Zambra é hoje um homem consciente e preocupado, isto é, largou vícios excessivos e procura estar saudável para acompanhar o crescimento do filho, porém, essa persona levou anos para surgir. Ao revisitar seu relacionamento com o seu pai em Literatura Infantil: Cartas ao Filho, o escritor expõe brigas, dúvidas e visões que influenciaram a ser quem é hoje. É interessante ver o seu pai se transformar em outra pessoa com a chegada do filho, mostrando que mudamos com a chegada de uma nova pessoa.
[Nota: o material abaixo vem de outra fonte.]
(* Suppose no vertex v and sets A ⊆ N(v), B ∌ v give a graph G[A, B] of
   average degree at least d^(1/5), and fix an integer κ ∈ [d^(1/5), d^(1/5) + 1].
   Pass to a subgraph W of minimum degree δ ≈ d/2, orient its edges from the
   larger side X, and let every x ∈ X ∩ W pick δ of its neighbours.  Take a
   maximal set F of picked edges that is C4-free and has at most D = 4t edges
   at each x.  A picked edge xy outside F either starts at a saturated x
   (at most δ|F|/D such edges) or closes a 4-cycle x y' w y, so it is an edge
   of G[A, B] with A the F-neighbours of y' and B the second F-neighbourhood
   of y'; by assumption these graphs carry at most κ(1+D)|F|/2 edges in total.
   As δ ≥ 14 t² κ, F has at least t|W|/2 edges, a C4-free subgraph of average
   degree ≥ t. *)

Section PairSets.
Variable T : finType.
Implicit Types (F : {set T * T}) (x y u v : T).

Definition row F x := [set y | (x, y) \in F].
Definition col F y := [set x | (x, y) \in F].

Definition pair_rel F : rel T := fun u v => ((u, v) \in F) || ((v, u) \in F).

Lemma card_pairs_row F : #|F| = \sum_x #|row F x|.
Proof.
rewrite -sum1_card (partition_big fst xpredT) //=; apply: eq_bigr => x _.
rewrite -sum1_card (reindex_onto (fun y => (x, y)) snd) /=.
  by apply: eq_bigl => y; rewrite inE !eqxx !andbT.
by move=> [x' y] /andP [_ /eqP /= ->].
Qed.

Lemma card_pairs_col F : #|F| = \sum_y #|col F y|.
Proof.
rewrite -sum1_card (partition_big snd xpredT) //=; apply: eq_bigr => y _.
rewrite -sum1_card (reindex_onto (fun x => (x, y)) fst) /=.
  by apply: eq_bigl => x; rewrite inE !eqxx !andbT.
by move=> [x y'] /andP [_ /eqP /= ->].
Qed.

Lemma pair_rel_sym F : symmetric (pair_rel F).
Proof. by move=> u v; rewrite /pair_rel orbC. Qed.

Lemma pair_relU F1 F2 u v :
  pair_rel (F1 :|: F2) u v = pair_rel F1 u v || pair_rel F2 u v.
Proof.
rewrite /pair_rel !inE.
by case: ((u, v) \in F1); case: ((v, u) \in F1); case: ((u, v) \in F2).
Qed.

Lemma pair_rel1 x y u v : pair_rel [set (x, y)] u v -> [set u; v] = [set x; y].
Proof.
by rewrite /pair_rel !inE !xpair_eqE => /orP [] /andP [/eqP -> /eqP ->] //; rewrite setUC.
Qed.

End PairSets.

Lemma card_bigcup_le (I T : finType) (P : pred I) (F : I -> {set T}) :
  #|\bigcup_(i | P i) F i| <= \sum_(i | P i) #|F i|.
Proof.
elim/big_rec2: _ => [|i n S _ IH]; first by rewrite cards0.
by apply: leq_trans (leq_card_setU _ _) _; rewrite leq_add2l.
Qed.

Section C4.
Variable T : finType.
Implicit Types (f : rel T) (F : {set T * T}).

Definition C4_freeb f : bool :=
  [forall a, forall b, forall c, forall d,
     ~~ [&& uniq [:: a; b; c; d], f a b, f b c, f c d & f d a]].

Lemma C4_freeP f : reflect (C4_free f) (C4_freeb f).
Proof.
apply: (iffP idP) => [/forallP C4f [a [b [c [d [abcd fab fbc fcd fda]]]]] | C4f].
  by move: (C4f a) => /forallP/(_ b)/forallP/(_ c)/forallP/(_ d); rewrite abcd fab fbc fcd fda.
apply/forallP => a; apply/forallP => b; apply/forallP => c; apply/forallP => d.
by apply/negP => /and5P [abcd fab fbc fcd fda]; apply: C4f; exists a, b, c, d.
Qed.

(* The vertices of the cycle are distinct, so {x, y} is only one of its four
   edges and the other three form an F-path x - y' - w - y. *)
Lemma C4_through_pair F x y a b c d :
  uniq [:: a; b; c; d] -> pair_rel [set (x, y)] a b ->
  pair_rel ((x, y) |: F) b c -> pair_rel ((x, y) |: F) c d -> pair_rel ((x, y) |: F) d a ->
  exists y' w, [&& pair_rel F x y', pair_rel F y' w, pair_rel F w y & y != y'].
Proof.
move=> abcd xy_ab; rewrite !pair_relU.
have ab_xy := pair_rel1 xy_ab.
have [c_ab d_ab] : c \notin [set a; b] /\ d \notin [set a; b].
  move: abcd; rewrite /= !inE !negb_or => /and4P [/and3P [_ ac ad] /andP [bc bd] _ _].
  by rewrite ![c == _]eq_sym ![d == _]eq_sym ac ad bc bd.
case/orP => [/pair_rel1 bc_xy | fbc]; first by case/negP: c_ab; rewrite ab_xy -bc_xy !inE eqxx orbT.
case/orP => [/pair_rel1 cd_xy | fcd]; first by case/negP: c_ab; rewrite ab_xy -cd_xy !inE eqxx.
case/orP => [/pair_rel1 da_xy | fda]; first by case/negP: d_ab; rewrite ab_xy -da_xy !inE eqxx.
move: c_ab d_ab; rewrite !inE => /norP [ca cb] /norP [da db].
move: xy_ab; rewrite [pair_rel _ a b]/pair_rel !inE !xpair_eqE.
case/orP => /andP [/eqP <- /eqP <-].
  exists d, c; rewrite (pair_rel_sym F a) fda (pair_rel_sym F d) fcd.
  by rewrite (pair_rel_sym F c) fbc eq_sym db.
by exists c, d; rewrite fbc fcd fda eq_sym ca.
Qed.

Lemma C4_freeb_setU1 F x y :
  C4_freeb (pair_rel F) -> ~~ C4_freeb (pair_rel ((x, y) |: F)) ->
  exists y' w, [&& pair_rel F x y', pair_rel F y' w, pair_rel F w y & y != y'].
Proof.
move=> /forallP C4F /forallPn [a /forallPn [b /forallPn [c /forallPn [d]]]].
move=> /negPn /and5P [abcd gab gbc gcd gda].
move: (gab) (gbc) (gcd) (gda); rewrite !pair_relU.
case/orP => [xy_ab _ _ _ | fab]; first exact: C4_through_pair abcd xy_ab gbc gcd gda.
case/orP => [xy_bc _ _ | fbc].
  by apply: (C4_through_pair _ xy_bc gcd gda gab); rewrite -(rot_uniq 1) in abcd.
case/orP => [xy_cd _ | fcd].
  by apply: (C4_through_pair _ xy_cd gda gab gbc); rewrite -(rot_uniq 2) in abcd.
case/orP => [xy_da | fda].
  by apply: (C4_through_pair _ xy_da gab gbc gcd); rewrite -(rot_uniq 3) in abcd.
by move: (C4F a) => /forallP/(_ b)/forallP/(_ c)/forallP/(_ d); rewrite abcd fab fbc fcd fda.
Qed.

End C4.

Section AverageDegree.
Local Open Scope R_scope.
Variables (T : finType) (S : {set T}) (f : rel T).

Lemma edge_set0 : edge_set set0 f = set0.
Proof. by apply/setP => E; rewrite !inE; apply/negbTE/existsP => -[x]; rewrite inE. Qed.

Lemma card_gt0_INR : S != set0 -> 0 < INR #|S|.
Proof. by move=> S_ne; apply: lt_0_INR; apply/ltP; rewrite card_gt0. Qed.

Lemma avg_deg_mul_card : S != set0 ->
  avg_deg S f * INR #|S| = INR (2 * #|edge_set S f|).
Proof.
move=> S_ne; have := card_gt0_INR S_ne.
rewrite /avg_deg (negbTE S_ne) mult_INR [INR 2]/= => S_pos; field; lra.
Qed.

Lemma avg_deg_ge_nat (t : nat) : S != set0 ->
  (t * #|S| <= 2 * #|edge_set S f|)%N -> INR t <= avg_deg S f.
Proof.
move=> S_ne /leP /le_INR; rewrite -avg_deg_mul_card // mult_INR => le_t.
exact: Rmult_le_reg_r (card_gt0_INR S_ne) le_t.
Qed.

Lemma avg_deg_lt_nat (m : nat) :
  (2 * #|edge_set S f| < m * #|S|)%N -> avg_deg S f < INR m.
Proof.
move=> lt_m.
have S_ne : S != set0 by apply: contraTneq lt_m => ->; rewrite cards0 muln0.
move/ltP/lt_INR: lt_m; rewrite -avg_deg_mul_card // mult_INR => lt_m.
exact: Rmult_lt_reg_r (card_gt0_INR S_ne) lt_m.
Qed.

Lemma nat_density_of_avg_deg_lt (k : R) (κ : nat) :
  avg_deg S f < k -> k <= INR κ -> (2 * #|edge_set S f| <= κ * #|S|)%N.
Proof.
move=> lt_k k_le; rewrite leqNgt; apply/negP => dense.
have S_ne : S != set0 by apply: contraTneq dense => ->; rewrite edge_set0 !cards0 muln0.
have := avg_deg_ge_nat S_ne (ltnW dense); lra.
Qed.

End AverageDegree.

Lemma avg_deg_lt_floor (T : finType) (f : rel T) (B : nat) : 0 < #|T| ->
  #|edge_set [set: T] f| <= B -> Rlt (avg_deg [set: T] f) (2 * (INR (B %/ #|T|) + 1)).
Proof.
move=> T_pos le_B.
rewrite (_ : Rmult 2 _ = INR (2 * (B %/ #|T|).+1)); last by rewrite mult_INR [INR 2]/= S_INR; ring.
apply: avg_deg_lt_nat; rewrite cardsT -mulnA ltn_pmul2l //.
exact: leq_ltn_trans le_B (ltn_ceil _ T_pos).
Qed.

(* The negation of the conclusion, with an integer κ >= d^(1/5) for d^(1/5). *)
Definition sparse_links (T : finType) (e : rel T) (κ : nat) : Prop :=
  forall v (A B : {set T}), A \subset nbhd e v -> B \subset [set~ v] -> [disjoint A & B] ->
    2 * #|edge_set (A :|: B) (bip_rel e A B)| <= κ * #|A :|: B|.

Lemma greedy_count_arith (a f s u δ D κ : nat) :
  a * δ <= f + s + u -> D * s <= δ * f -> 2 * u <= κ * (1 + D) * f ->
  2 * D + D * κ * (1 + D) <= 2 * δ -> D * a <= 2 * f.
Proof.
move=> cover sat unsat δ_ge.
have [δ0 | δ_pos] := posnP δ; first by have -> : D = 0 by rewrite δ0 in δ_ge; lia.
rewrite -(leq_pmul2l δ_pos) -(@leq_pmul2l 2) //.
have := leq_mul (leqnn (2 * D)) cover.
have := leq_mul (leqnn D) unsat.
have := leq_mul δ_ge (leqnn f).
lia.
Qed.

Section Bipartite.
Variables (T : finType) (e : rel T) (X : {set T}).
Hypothesis e_sym : forall x y, e x y -> e y x.
Hypothesis e_cross : forall x y, e x y -> (x \in X) != (y \in X).

Lemma e_cross_notin x y : e x y -> x \in X -> y \notin X.
Proof. by move=> /e_cross; case: (x \in X); case: (y \in X). Qed.

Lemma card_le_edge_set (Q : {set T * T}) (S : {set T}) (f : rel T) :
  (forall p, p \in Q -> [&& p.1 \in X, p.2 \notin X, p.1 \in S, p.2 \in S & f p.1 p.2]) ->
  #|Q| <= #|edge_set S f|.
Proof.
move=> Q_edges.
rewrite -(@card_in_imset _ _ (fun p : T * T => [set p.1; p.2]) Q).
  apply: subset_leq_card; apply/subsetP => E /imsetP [[x y] /Q_edges /and5P [xX yX xS yS fxy] ->].
  rewrite inE; apply/existsP; exists x; rewrite xS; apply/existsP; exists y.
  rewrite yS fxy eqxx !andbT /=.
  by apply: contraNneq yX => <-.
move=> [x y] [x' y'] /Q_edges /and5P [xX yX _ _ _] /Q_edges /and5P [x'X y'X _ _ _] /= xy_x'y'.
have : x \in [set x'; y'] by rewrite -xy_x'y' !inE eqxx.
rewrite !inE => /orP [/eqP x_x' | /eqP x_y']; last by rewrite -x_y' xX in y'X.
have : y \in [set x'; y'] by rewrite -xy_x'y' !inE eqxx orbT.
rewrite !inE => /orP [/eqP y_x' | /eqP ->]; last by rewrite x_x'.
by rewrite y_x' x'X in yX.
Qed.

Definition cross_edges (W : {set T}) :=
  [set p : T * T | [&& p.1 \in X, p.1 \in W, p.2 \in W & e p.1 p.2]].

Lemma card_edge_set_le_cross : #|edge_set [set: T] e| <= #|cross_edges [set: T]|.
Proof.
apply: leq_trans (leq_imset_card (fun p : T * T => [set p.1; p.2]) _).
apply: subset_leq_card; apply/subsetP => E.
rewrite inE => /existsP [x /andP [_ /existsP [y /andP [_ /and3P [_ exy /eqP ->]]]]].
have [xX | xNX] := boolP (x \in X).
  by apply/imsetP; exists (x, y); rewrite // !inE /= xX exy.
apply/imsetP; exists (y, x); last by rewrite /= setUC.
have yX : y \in X by move: (e_cross exy); rewrite (negbTE xNX); case: (y \in X).
by rewrite !inE /= yX e_sym.
Qed.

Lemma cross_edges0 : cross_edges set0 = set0.
Proof. by apply/setP => p; rewrite !inE andbF. Qed.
"(…) Penso em pais de outras gerações, porém é absurdo supor que algo tenha mudado. Conheci homens que exercem a paternidade com lucidez, humor e humildade, mas também já vi amigos queridos, que pareciam ter a cabeça no lugar, afastarem-se de seus filhos para se entregar a uma busca desesperada e caricatural por uma juventude perdida. Também há muitos que enfrentam a pulsão de morte sobrecarregando os filhos com um sem-número de tarefas e regras, com a intenção explícita ou velada de prolongar, à custa deles, seus sonhos interrompidos. (…)"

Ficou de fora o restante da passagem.